Now that I have a preference scoring, I can move to axiom 4. I start by making things more complicated- I take all of the prospects that weren’t TS or PP and turn them into deals of {p TS, 1-p PP}. (Pictured is just the expansion of the right tree; try expanding the tree for A. It’s much easier.)

Then, using axiom 1 again, I rearrange this tree. The A tree (not shown) and B tree now have only two prospects, and I’ve expressed the probabilities of those prospects in a complicated way that I know how to simplify.

And we have one last axiom to apply: choice. Deal B has a higher chance of the better prospect, and so I pick it. Note that that’s the case even though my actual chance of receiving TS with deal B is 0%- this is just how I’m representing my preferences, and this computation is telling me that my probability-weighted preference for deal B is higher than my probability-weighted preference for deal A. Not only do I know that I should choose deal B, but I know how much better deal B is for me than deal A.5

This was a toy example, but the beauty of this method is that all calculations are local. That means we can apply this method to a problem of arbitrary size without changes. Once we have probabilities and preferences for the possible outcomes, we can propagate those from the back of the tree through every node (decision or uncertainty) until we know what to do everywhere. Of course, whether the method will have a runtime shorter than the age of the universe depends on the size of your problem. You could use this to decide which chess moves to play against an opponent whose strategy you can guess from the board configuration, but I don’t recommend it.6 Typical real-world problems you would use this for are too large to solve with intuition but small enough that a computer (or you working carefully) can solve it exactly if you give it the right input.

Next we start the meat of decision analysis: reducing the real world to math.


1. These axioms are Ronald Howard’s 5 Rules of Actional Thought.

2. Another method you might consider is comparing a prospect to its neighbors; RD in terms of TS and R, R in terms of RD and FS, FS in terms of R and PP. You could then unpack those into the preference probability

3. Assigning these probabilities is tough, especially if you aren’t comfortable with probabilities. Some people find it helpful to use a probability wheel, where they can see what 60% looks like, and adjust the wheel until it matches what they feel.
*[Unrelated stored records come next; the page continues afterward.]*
(* The kernel of du is the line through (ugrad2, -ugrad1), and Lu is a Hermitian
   form which is positive there. *)
Lemma Lu_pos_on_ugrad_kernel (W1 W2 : C) :
  (W1, W2) <> C2_zero -> du A z1 z2 W1 W2 = 0%C -> 0 < Lu A z1 z2 W1 W2.
Proof.
  intros HW Hdu.
  set (r := Cnorm2 (ugrad1 A z1 z2) + Cnorm2 (ugrad2 A z1 z2)).
  set (mu := (W1 * Cconj (ugrad2 A z1 z2) - W2 * Cconj (ugrad1 A z1 z2))%C).
  pose proof ugrad_nonzero as Hr; fold r in Hr.
  destruct (covector_kernel_collinear _ _ _ _ Hdu) as [E1 E2]; fold r mu in E1, E2.
  assert (Hmu : 0 < Cnorm2 mu).
  { destruct (Cnorm2_ge0 mu) as [| Hmu]; [assumption |]; exfalso.
    apply HW; symmetry in Hmu; apply Cnorm2_eq0 in Hmu.
    rewrite Hmu, Cmult_0_l in E1, E2.
    assert (Hr0 : RtoC r <> 0%C) by (intro H; injection H; lra).
    unfold C2_zero; f_equal; eapply Cmult_integral_r; eassumption. }
  assert (Hscale : r * r * Lu A z1 z2 W1 W2 =
                   Cnorm2 mu * Lu A z1 z2 (ugrad2 A z1 z2) (- ugrad1 A z1 z2)).
  { transitivity (Cnorm2 (RtoC r) * Lu A z1 z2 W1 W2); [unfold Cnorm2; simpl; ring |].
    rewrite <- Lu_scale, E1, E2, Lu_scale; reflexivity. }
  pose proof Lu_ugrad_normal_pos.
  assert (0 < r * r * Lu A z1 z2 W1 W2) by (rewrite Hscale; apply Rmult_lt_0_compat; assumption).
  nra.
Qed.

Lemma levi_form_rho_pos (v : C2) :
  v <> C2_zero -> complex_tangent (rp_eval (rho A)) (symmetrize z1 z2) v ->
  levi_form (rp_eval (rho A)) (symmetrize z1 z2) v > 0.
Proof.
  destruct v as [vs vp]; intros Hv [T1 T2].
  rewrite dir_deriv_rp_eval in T1, T2.
  assert (HX : 0 < mob_num2 z1 z2) by (rewrite HXY; apply Rmult_lt_0_compat; assumption).
  assert (Hu : ufun A z1 z2 = 0) by (unfold ufun; lra).
  pose proof (hfun_pos A z1 z2 HA0 HA1 HY) as Hh.
  assert (Hz : (z1 - z2)%C <> 0%C).
  { intro H; unfold mob_num2 in HX; rewrite H in HX; Cexpand; lra. }
  set (W1 := (z1 * vs - vp)%C); set (W2 := (vp - z2 * vs)%C).
  assert (Hdu : du A z1 z2 W1 W2 = 0%C).
  { pose proof (rho_holomorphic_deriv A z1 z2 vs vp) as E.
    rewrite T1, T2, Hu in E; fold W1 W2 in E.
    assert (Hm : RtoC (8 * hfun A z1 z2) <> 0%C) by (intro H; injection H; lra).
    apply (Cmult_integral_r _ _ Hm).
    transitivity (8 * (hfun A z1 z2 * du A z1 z2 W1 W2 + 0 * dh A z1 z2 W1 W2))%C;
      [rewrite RtoC_mult; ring |].
    rewrite <- E; apply injective_projections; Cexpand; ring. }
  assert (HW : (W1, W2) <> C2_zero).
  { intro H0; apply Hv.
    pose proof (dsymmetrize_pullback z1 z2 vs vp) as P; fold W1 W2 in P.
    assert (H1 : W1 = 0%C) by exact (f_equal fst H0).
    assert (H2 : W2 = 0%C) by exact (f_equal snd H0).
    rewrite H1, H2 in P; unfold dsymmetrize in P.
    assert (P1 : (0 + 0)%C = ((z1 - z2) * vs)%C) by exact (f_equal fst P).
    assert (P2 : (z2 * 0 + z1 * 0)%C = ((z1 - z2) * vp)%C) by exact (f_equal snd P).
    unfold C2_zero; f_equal; apply (Cmult_integral_r _ _ Hz);
      [rewrite <- P1 | rewrite <- P2]; ring. }
  pose proof (levi_form_rho_symmetrize A z1 z2 vs vp) as L; cbv zeta in L; fold W1 W2 in L.
  rewrite Hu, Hdu, Cmult_0_l in L; unfold RtoC in L; cbn [fst] in L.
  pose proof (Lu_pos_on_ugrad_kernel W1 W2 HW Hdu).
  assert (0 < mob_num2 z1 z2 * levi_form (rp_eval (rho A)) (symmetrize z1 z2) (vs, vp))
    by (rewrite L; nra).
  nra.
Qed.

Lemma rho_deriv_ugrad_pos :
  0 < rp_eval (rp_deriv (dsymmetrize z1 z2 (Cconj (ugrad1 A z1 z2)) (Cconj (ugrad2 A z1 z2)))
                        (rho A)) (symmetrize z1 z2).
Proof.
  rewrite rho_deriv_dsymmetrize.
  replace (ufun A z1 z2) with 0 by (unfold ufun; lra).
  pose proof (hfun_pos A z1 z2 HA0 HA1 HY); pose proof ugrad_nonzero.
  replace (fst _) with (hfun A z1 z2 * (Cnorm2 (ugrad1 A z1 z2) + Cnorm2 (ugrad2 A z1 z2)))
    by (unfold du; Cexpand; ring).
  nra.
Qed.

End OnTheOrbit.

(* [v0] pushes forward the conjugate gradient of u, so rho increases along it at
   the base point. *)
Lemma rho_local_defining_function (a : R) (z1 z2 : C) :
  0 < a -> a < 1 -> Cnorm2 z1 < 1 -> Cnorm2 z2 < 1 ->
  mob_num2 z1 z2 = a * a * mob_den2 z1 z2 ->
  let v0 := dsymmetrize z1 z2 (Cconj (ugrad1 (a * a) z1 z2)) (Cconj (ugrad2 (a * a) z1 z2)) in
  local_defining_function symbidisc (L_orbit a) (symmetrize z1 z2)
    (fun q => symbidisc q /\ rp_eval (rp_deriv v0 (rho (a * a))) q <> 0)
    (rp_eval (rho (a * a))).
Proof.
  intros Ha0 Ha1 D1 D2 Hd v0.
  assert (HA0 : 0 < a * a) by nra; assert (HA1 : a * a < 1) by nra.
  pose proof (mob_den2_pos _ _ D1 D2) as HY.
  pose proof (rho_deriv_ugrad_pos (a * a) z1 z2 HA0 HA1 HY Hd) as Hg.
  split; [| split; [| split; [| split; [| split]]]].
  - apply open_and; [apply open_symbidisc | apply open_rp_eval_neq0].
  - split; [exists z1, z2; rewrite !in_disc_Cnorm2; auto | fold v0 in Hg; lra].
  - intros q [Hq _]; exact Hq.
  - apply C2_on_rp_eval.
  - intros q [Hq _]; apply L_orbit_iff_rho_zero; assumption.
  - intros q [_ Hq]; exists v0; rewrite dir_deriv_rp_eval; exact Hq.
Qed.

Theorem theorem2p11 (a : R) (ha0 : 0 < a) (ha1 : a < 1) :
  strongly_pseudoconvex_hypersurface symbidisc (L_orbit a).
Proof.
  split.
  - intros q [z1 [z2 [D1 [D2 [_ ->]]]]]; exists z1, z2; auto.
  - intros p [z1 [z2 [D1 [D2 [Hd ->]]]]].
    rewrite in_disc_Cnorm2 in D1, D2.
    pose proof (mob_den2_pos _ _ D1 D2) as HY.
    apply pseudo_hyperbolic_eq in Hd; [| lra | exact HY].
    do 2 eexists; split.
    + apply rho_local_defining_function; assumption.
    + apply levi_form_rho_pos; [nra | nra | exact HY | exact Hd].
Qed.
Lemma eq_Fp_comb (gT : finGroupType) (p n : nat) (e : nat -> gT)
  (a b : nat -> 'F_p) :
  (forall i, i < n -> a i = b i) -> Fp_comb n e a = Fp_comb n e b.
Proof. by move=> eq_ab; apply: eq_bigr => i _; rewrite eq_ab. Qed.

Lemma Fp_comb0 (gT : finGroupType) (p n : nat) (e : nat -> gT) :
  Fp_comb n e (fun _ => 0%R : 'F_p) = 1.
Proof. by apply: big1 => i _; rewrite expg0. Qed.

Definition unitri_col (p j : nat) (w : nat -> 'F_p) : nat -> 'F_p :=
  fun i => if i == j then 1%R else if j < i then w i else 0%R.

Lemma Fp_comb_unitri (gT : finGroupType) (p n j : nat) (e : nat -> gT)
  (w : nat -> 'F_p) : prime p -> j < n ->
  e j * \prod_(j.+1 <= i < n) e i ^+ w i = Fp_comb n e (unitri_col j w).
Proof.
move=> p_pr jn; rewrite /Fp_comb /unitri_col -(big_mkord xpredT (fun i =>
  e i ^+ (if i == j then 1%R else if j < i then w i else 0%R))).
rewrite (big_cat_nat (leq0n j) (ltnW jn)) /= [X in _ = _ * X]big_ltn // eqxx.
rewrite [X in _ = X * _]big1_seq ?mul1g ?val_Fp1 ?expg1 //; last first.
  move=> i /andP[_]; rewrite mem_index_iota => /andP[_ ij].
  by rewrite ltn_eqF // ltnNge ltnW.
by congr (_ * _); apply: eq_big_nat => i /andP[ji _]; rewrite gtn_eqF // ji.
Qed.

Section Combinations.

Variables (gT : finGroupType) (D : {group gT}) (p : nat) (e : nat -> gT).
Hypotheses (p_pr : prime p) (abD : abelian D)
  (expD : forall x, x \in D -> x ^+ p = 1).

Lemma Fp_comb_in n (a : nat -> 'F_p) :
  (forall i, i < n -> e i \in D) -> Fp_comb n e a \in D.
Proof. by move=> eD; apply: group_prod => i _; rewrite groupX // eD. Qed.

Lemma Fp_combM n (a b : nat -> 'F_p) : (forall i, i < n -> e i \in D) ->
  Fp_comb n e a * Fp_comb n e b = Fp_comb n e (fun i => a i + b i)%R.
Proof.
elim: n => [|n IH] eD; first by rewrite /Fp_comb !big_ord0 mulg1.
have eD' i : i < n -> e i \in D by move=> lt_in; rewrite eD // ltnW.
have := IH eD'; rewrite /Fp_comb !big_ord_recr /= => <-.
rewrite expFpD ?expD ?eD // -!mulgA; congr (_ * _); rewrite !mulgA; congr (_ * _).
by apply/commute_sym/(centsP abD); rewrite ?groupX ?Fp_comb_in ?eD.
Qed.

Lemma Fp_combX n (a : nat -> 'F_p) (k : 'F_p) : (forall i, i < n -> e i \in D) ->
  Fp_comb n e a ^+ k = Fp_comb n e (fun i => a i * k)%R.
Proof.
elim: n => [|n IH] eD; first by rewrite /Fp_comb !big_ord0 expg1n.
have eD' i : i < n -> e i \in D by move=> lt_in; rewrite eD // ltnW.
have := IH eD'; rewrite /Fp_comb !big_ord_recr /= => <-.
by rewrite expFpM ?expD ?eD // expgMn //; apply/(centsP abD); rewrite ?groupX ?Fp_comb_in ?eD.
Qed.

Lemma Fp_comb_prod n m (F : nat -> nat -> 'F_p) :
  (forall i, i < n -> e i \in D) ->
  \prod_(j < m) Fp_comb n e (F j) = Fp_comb n e (fun i => \sum_(j < m) F j i)%R.
Proof.
move=> eD; elim: m => [|m IH].
  by rewrite big_ord0 -(@Fp_comb0 _ p n e); apply: eq_Fp_comb => i _; rewrite big_ord0.
rewrite big_ord_recr /= IH Fp_combM //.
by apply: eq_Fp_comb => i _; rewrite big_ord_recr.
Qed.

Variables (G : {group gT}) (n : nat) (l : nat -> nat -> gT -> 'F_p)
  (c : nat -> 'F_p).
Hypotheses (e_basis : Fp_basis p n D e) (c_neq0 : forall i, i < n -> c i != 0%R).

Let rescale_comb (a : nat -> 'F_p) :
  Fp_comb n (fun i => e i ^+ c i) a = Fp_comb n e (fun i => c i * a i)%R.
Proof.
have [eD _ _] := e_basis.
by apply: eq_bigr => i _; rewrite -expFpM ?expD ?eD.
Qed.

Lemma rescale_Fp_basis : Fp_basis p n D (fun i => e i ^+ c i).
Proof.
have [eD e_span e_free] := e_basis; split.
- by move=> i lt_in; rewrite groupX ?eD.
- move=> x /e_span[a ->]; exists (fun i => a i / c i)%R.
  change (Fp_comb n e a = Fp_comb n (fun i => e i ^+ c i) (fun i => a i / c i)%R).
  rewrite rescale_comb; apply: eq_Fp_comb => i lt_in.
  by rewrite mulrCA mulfV ?c_neq0 ?mulr1.
- move=> a b eq_ab i lt_in; apply: (mulfI (c_neq0 lt_in)).
  apply: (e_free (fun i => c i * a i)%R (fun i => c i * b i)%R) lt_in.
  change (Fp_comb n e (fun i => c i * a i)%R = Fp_comb n e (fun i => c i * b i)%R).
  by rewrite -!rescale_comb.
Qed.

Lemma rescale_lower_unitri : lower_unitri p n G e l ->
  lower_unitri p n G (fun i => e i ^+ c i) (fun i j y => c j * l i j y / c i)%R.
Proof.
have [eD _ _] := e_basis; move=> e_unitri y j yG lt_jn.
rewrite (Fp_comb_unitri (fun i => e i ^+ c i) (fun i => c j * l i j y / c i)%R) //.
rewrite rescale_comb conjXg e_unitri // Fp_comb_unitri //.
rewrite Fp_combX //; apply: eq_Fp_comb => i lt_in; rewrite /unitri_col.
case: eqP => [->|_]; first by rewrite mul1r mulr1.
case: ltnP => _; last by rewrite mul0r mulr0.
by rewrite mulrCA mulfV ?c_neq0 // mulr1 mulrC.
Qed.

End Combinations.

Definition strictly_lower (R : pzRingType) m (A : 'M[R]_m) :=
  forall a b : 'I_m, (a <= b)%N -> A a b = 0%R.

Section StrictlyLower.

Variables (R : pzRingType) (m : nat).
Implicit Types A B : 'M[R]_m.+1.

Lemma strictly_lower_mul0 A B (i j : 'I_m.+1) :
  strictly_lower A -> strictly_lower B -> (i <= j.+1)%N -> (A * B)%R i j = 0%R.
Proof.
move=> lA lB le_ij; rewrite -mulmxE mxE big1 // => k _.
case: (leqP i k) => [le_ik|lt_ki]; first by rewrite lA // mul0r.
case: (leqP k j) => [le_kj|lt_jk]; first by rewrite lB // mulr0.
by move: (leq_trans lt_ki le_ij); rewrite ltnS leqNgt lt_jk.
Qed.

Lemma strictly_lower_mul2 A B (i j k : 'I_m.+1) :
  strictly_lower A -> strictly_lower B -> i = j.+2 :> nat -> k = j.+1 :> nat ->
  (A * B)%R i j = (A i k * B k j)%R.
Proof.
move=> lA lB Ei Ek; rewrite -mulmxE mxE (bigD1 k) //= big1 ?addr0 // => a ne_ak.
case: (leqP i a) => [le_ia|lt_ai]; first by rewrite lA // mul0r.
case: (leqP a j) => [le_aj|lt_ja]; first by rewrite lB // mulr0.
suff Eak : a = k by rewrite Eak eqxx in ne_ak.
by apply/ord_inj/eqP; rewrite Ek eqn_leq lt_ja andbT -ltnS -Ei.
Qed.

End StrictlyLower.

Lemma strictly_lower_pow (R : idomainType) m (A : 'M[R]_m.+1) :
  strictly_lower A -> (forall a b : 'I_m.+1, b.+1 = a :> nat -> A a b != 0%R) ->
  forall k, (forall i : 'I_m.+1, (i < k)%N -> (A ^+ k)%R i ord0 = 0%R) /\
            (forall i : 'I_m.+1, i = k :> nat -> (A ^+ k)%R i ord0 != 0%R).
Proof.
move=> lA subA; elim=> [|k [IH0 IHk]].
  split=> // i /= i0; rewrite expr0 mxE.
  have -> : i = ord0 by apply: val_inj.
  by rewrite eqxx oner_neq0.
split=> i lt_ik; rewrite exprS -mulmxE mxE.
  rewrite big1 // => a _.
  case: (leqP i a) => [le_ia|lt_ai]; first by rewrite lA // mul0r.
  by rewrite IH0 ?mulr0 // (leq_trans lt_ai).
have lt_km : (k < m.+1)%N by rewrite -lt_ik ltnW.
rewrite (bigD1 (inord k)) //= big1 ?addr0.
  by rewrite mulf_neq0 ?IHk ?subA ?inordK.
move=> a ne_ak.
case: (leqP i a) => [le_ia|lt_ai]; first by rewrite lA // mul0r.
case: (ltnP a k) => [lt_ak|le_ka]; first by rewrite IH0 // mulr0.
suff Eak : a = inord k by rewrite Eak eqxx in ne_ak.
by apply/ord_inj/eqP; rewrite inordK // eqn_leq le_ka andbT -ltnS -lt_ik.
Qed.

Lemma strictly_lower_nilpotent_index (R : idomainType) m (A : 'M[R]_m.+1) k :
  strictly_lower A -> (forall a b : 'I_m.+1, b.+1 = a :> nat -> A a b != 0%R) ->
  (A ^+ k = 0)%R -> (m < k)%N.
Proof.
move=> lA subA Ak0; rewrite ltnNge; apply/negP => le_km.
have [_ /(_ (inord k))] := strictly_lower_pow lA subA k.
by rewrite inordK // Ak0 mxE eqxx => /(_ erefl).
Qed.

Lemma pchar_Fp_mx (p m : nat) : prime p -> p \in [pchar 'M['F_p]_m.+1]%R.
Proof.
move=> p_pr; rewrite inE p_pr /=; apply/eqP/matrixP => i j.
by rewrite mulmxnE -mulr_natr pchar_Fp_0 // mulr0 mxE.
Qed.

Lemma Fp_mx_exp_add1 (p m : nat) (A : 'M['F_p]_m.+1) :
  prime p -> ((1 + A) ^+ p = 1 + A ^+ p)%R.
Proof.
move=> p_pr; have chp := pchar_Fp_mx m p_pr.
rewrite -!(pFrobenius_autE chp) pFrobenius_autD_comm; last first.
  by rewrite /GRing.comm mul1r mulr1.
by rewrite pFrobenius_autE expr1n.
Qed.

Section ConjugationMatrices.

Variables (gT : finGroupType) (G : {group gT}) (p n : nat) (g : nat -> gT)
  (l : nat -> nat -> gT -> 'F_p).
Hypotheses (p_pr : prime p) (abD : abelian G^`(1))
  (expD : forall x, x \in G^`(1) -> x ^+ p = 1)
  (g_basis : Fp_basis p n.+1 G^`(1) g) (g_unitri : lower_unitri p n.+1 G g l).

Let gD i : i < n.+1 -> g i \in G^`(1).
Proof. by case: g_basis => gD _ _; apply: gD. Qed.

Definition conj_col j y : nat -> 'F_p := unitri_col j (fun i => l i j y).

Lemma conj_coords y j :
  y \in G -> j < n.+1 -> g j ^ y = Fp_comb n.+1 g (conj_col j y).
Proof. by move=> yG lt_jn; rewrite g_unitri // Fp_comb_unitri. Qed.

(* Since conjugation is an action, coordinates compose like matrices. *)
Lemma conj_colM x y j k : x \in G -> y \in G -> j < n.+1 -> k < n.+1 ->
  conj_col j (x * y) k = (\sum_(i < n.+1) conj_col i y k * conj_col j x i)%R.
Proof.
move=> xG yG lt_jn lt_kn; have [_ _ g_free] := g_basis.
apply: (g_free (conj_col j (x * y))
  (fun k => \sum_(i < n.+1) conj_col i y k * conj_col j x i)%R _ k lt_kn).
change (Fp_comb n.+1 g (conj_col j (x * y)) = Fp_comb n.+1 g
  (fun k => \sum_(i < n.+1) conj_col i y k * conj_col j x i)%R).
rewrite -conj_coords ?groupM // conjgM conj_coords // {1}/Fp_comb conjg_prod.
rewrite -(Fp_comb_prod p_pr abD expD n.+1 (fun i k =>
  (conj_col i y k * conj_col j x i)%R)) //.
by apply: eq_bigr => i _; rewrite conjXg conj_coords // (Fp_combX p_pr abD expD).
Qed.

(* N(y): the strictly lower part of the matrix of conjugation by y. *)
Definition conj_nil y : 'M['F_p]_n.+1 :=
  (\matrix_(k, j) if (j < k)%N then l k j y else 0)%R.

Lemma conj_nil_lower y : strictly_lower (conj_nil y).
Proof. by move=> a b le_ab; rewrite mxE ltnNge le_ab. Qed.

Lemma conj_nil_entry y a b : b < a -> a < n.+1 ->
  conj_nil y (inord a) (inord b) = l a b y.
Proof. by move=> lt_ba lt_an; rewrite mxE !inordK ?lt_ba // (ltn_trans lt_ba). Qed.

Lemma conj_col_mx y (k j : 'I_n.+1) : conj_col j y k = (1%:M + conj_nil y)%R k j.
Proof.
rewrite !mxE /conj_col /unitri_col; case: eqP => [/ord_inj->|ne_kj].
  by rewrite eqxx ltnn addr0.
have /negbTE-> : k != j by apply/eqP => Ekj; case: ne_kj; rewrite Ekj.
by rewrite add0r.
Qed.

Lemma conj_mxM x y : x \in G -> y \in G ->
  (1%:M + conj_nil (x * y) = (1%:M + conj_nil y) * (1%:M + conj_nil x))%R.
Proof.
move=> xG yG; apply/matrixP => k j; rewrite -conj_col_mx conj_colM //.
by rewrite -mulmxE mxE; apply: eq_bigr => i _; rewrite -!conj_col_mx mulrC.
Qed.

Lemma conj_nilM x y : x \in G -> y \in G ->
  conj_nil (x * y) = (conj_nil y + conj_nil x + conj_nil y * conj_nil x)%R.
Proof.
move=> xG yG; apply: (@addrI _ 1%:M%R); rewrite conj_mxM //.
rewrite mulrDl !mulrDr !mul1r mulr1 -!addrA; congr (_ + _)%R.
by rewrite addrCA.
Qed.

(* G^`(1) is abelian, so it acts trivially on itself. *)
Lemma conj_nil_der d : d \in G^`(1) -> conj_nil d = 0%R.
Proof.
move=> dD; have [_ _ g_free] := g_basis.
apply/matrixP => k j; rewrite !mxE; case: ifP => // lt_jk.
have dG : d \in G by apply: subsetP (der_sub 1 G) d dD.
have : Fp_comb n.+1 g (conj_col j d) = Fp_comb n.+1 g (unitri_col j (fun _ => 0%R : 'F_p)).
  rewrite -conj_coords // -Fp_comb_unitri // big1 ?mulg1 => [|i _]; last first.
    by rewrite expg0.
  by rewrite conjgE (centsP abD _ (gD (ltn_ord j)) _ dD) mulKg.
by move/g_free/(_ k (ltn_ord k)); rewrite /conj_col /unitri_col gtn_eqF // lt_jk.
Qed.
See also 1001 PredictionBook Nights and This is what 5% feels like.

4. In actual practice, deals often come with friction and people tend to be attached to what they have beyond the amount that they want it. It’s important to make sure that you’re actually coming up with an indifference value, not the worst deal you would be willing to make, and flipping the deal around and making sure you feel the same way is a good way to check.

5. If you find yourself disagreeing with the results of your analysis, double check your math and make sure you agree with all of your elicited preferences. An unintuitive answer can be a sign of an error in your inputs or your calculations, but if you don’t find either make sure you’re not trying to start with the bottom line.

6. There are supposedly 10120 possible games of chess, and this method would evaluate all of them. Even with computation-saving implementation tricks, you’re better off with another algorithm.